So at the first look they me be faster than LALR parser contructed by the tools yacc or bison.

I wanted to know if the performance of packrat parsers is better/worse than the performance of LALR parser when tested with common input (like programming language source files) and not with any theoretical inputs.

Does anyone can explain the main differences between the two approaches.
Thanks!

+2  A: 

I'm not an expert at packrat parsing, but you can learn more at Wikipedia Parsing expression grammar.

I haven't dug into it so I'll assume the linear-time characterizatoin of packrat parsing is correct.

L(AL)R parsers are linear time parsers too. So in theory, neither packrat nor L(AL)R parsers are "faster".

What matters, in practice, of course, is implementation. L(AL)R state transitions can be executed in very few machine instructions ("look token code up in vector, get next state and action") so they can be extremely fast in practice. By "compiling" L(AL)R parsing to machine code, you can end up with lightning fast parsers, as shown by this 1986 Tom Pennello paper on Very Fast LR parsing. (Machines are now 20 years faster than when he wrote the paper!).

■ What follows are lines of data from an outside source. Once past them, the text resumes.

(* The bracket on (L (x) A) + Kz + D, with elements written ((t, c), d),
   z = ((0,1),0). *)
Definition ext_bracket (L : lmodType K) (A : comAlgType K) (D T : lmodType K)
    (brL : L -> L -> L) (form : L -> L -> K) (xi : A -> A -> K)
    (brD : D -> D -> D) (rho : D -> A -> A) (tens : L -> A -> T)
    (br : (T * K^o * D)%type -> (T * K^o * D)%type -> (T * K^o * D)%type) : Prop :=
  bilin br /\
  (forall x y a b, br ((tens x a, 0), 0) ((tens y b, 0), 0)
                   = ((tens (brL x y) (a * b), form x y * xi a b), 0)) /\
  (forall d x a, br ((0, 0), d) ((tens x a, 0), 0) = ((tens x (rho d a), 0), 0)) /\
  (forall d x a, br ((tens x a, 0), 0) ((0, 0), d) = - ((tens x (rho d a), 0), 0)) /\
  (forall d e, br ((0, 0), d) ((0, 0), e) = ((0, 0), brD d e)) /\
  (forall g, br ((0, 1), 0) g = 0 /\ br g ((0, 1), 0) = 0).

Definition plain_bracket (L : lmodType K) (A : comAlgType K) (D T : lmodType K)
    (brL : L -> L -> L) (brD : D -> D -> D) (rho : D -> A -> A)
    (tens : L -> A -> T) (br : (T * D)%type -> (T * D)%type -> (T * D)%type) : Prop :=
  bilin br /\
  (forall x y a b, br (tens x a, 0) (tens y b, 0) = (tens (brL x y) (a * b), 0)) /\
  (forall d x a, br (0, d) (tens x a, 0) = (tens x (rho d a), 0)) /\
  (forall d x a, br (tens x a, 0) (0, d) = - (tens x (rho d a), 0)) /\
  (forall d e, br (0, d) (0, e) = (0, brD d e)).

End Defs.

From HB Require Import structures.
From mathcomp Require Import all_boot all_order all_algebra.
From mathcomp Require Import ring.
From Stdlib Require Import FunctionalExtensionality.
Import GRing.Theory.
Local Open Scope ring_scope.
Set Implicit Arguments. Unset Strict Implicit. Unset Printing Implicit Defensive.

If packrat parsers are storing/caching results as they go, they may be linear time, but I'd guess the constant overhead would be pretty high, and then L(AL)R parsers in practice would be much faster. The YACC and Bison implementations from what I hear are pretty good.

If you care about the answer, read the basic technical papers closely; if you really care, then implement one of each and check out the overhead constants. My money is on L(AL)R.

An observation: most language front-ends don't spend most of their time "parsing"; rather, they spend a lot of time in lexical analysis. Optimize that (your bio says you are), and the parser speed won't matter much.

(I used to build LALR parser generators and corresponding parsers. I don't do that anymore; instead I use GLR parsers which are linear time in practice but handle arbitrary context-free grammmars. I give up some performance, but I can [and do, see bio] build dozens of parsers for many languages without a lot of trouble.).

Ira Baxter
It is possible to read the document (1986 Tom Pennello paper on Very Fast LR parsing) for free?
youllknow
Sure. Visit your local university's computer science library :-} I think the ACM will charge you only modest cost; IMHO its well worth it to make sure that ACM continues to make stuff like this available.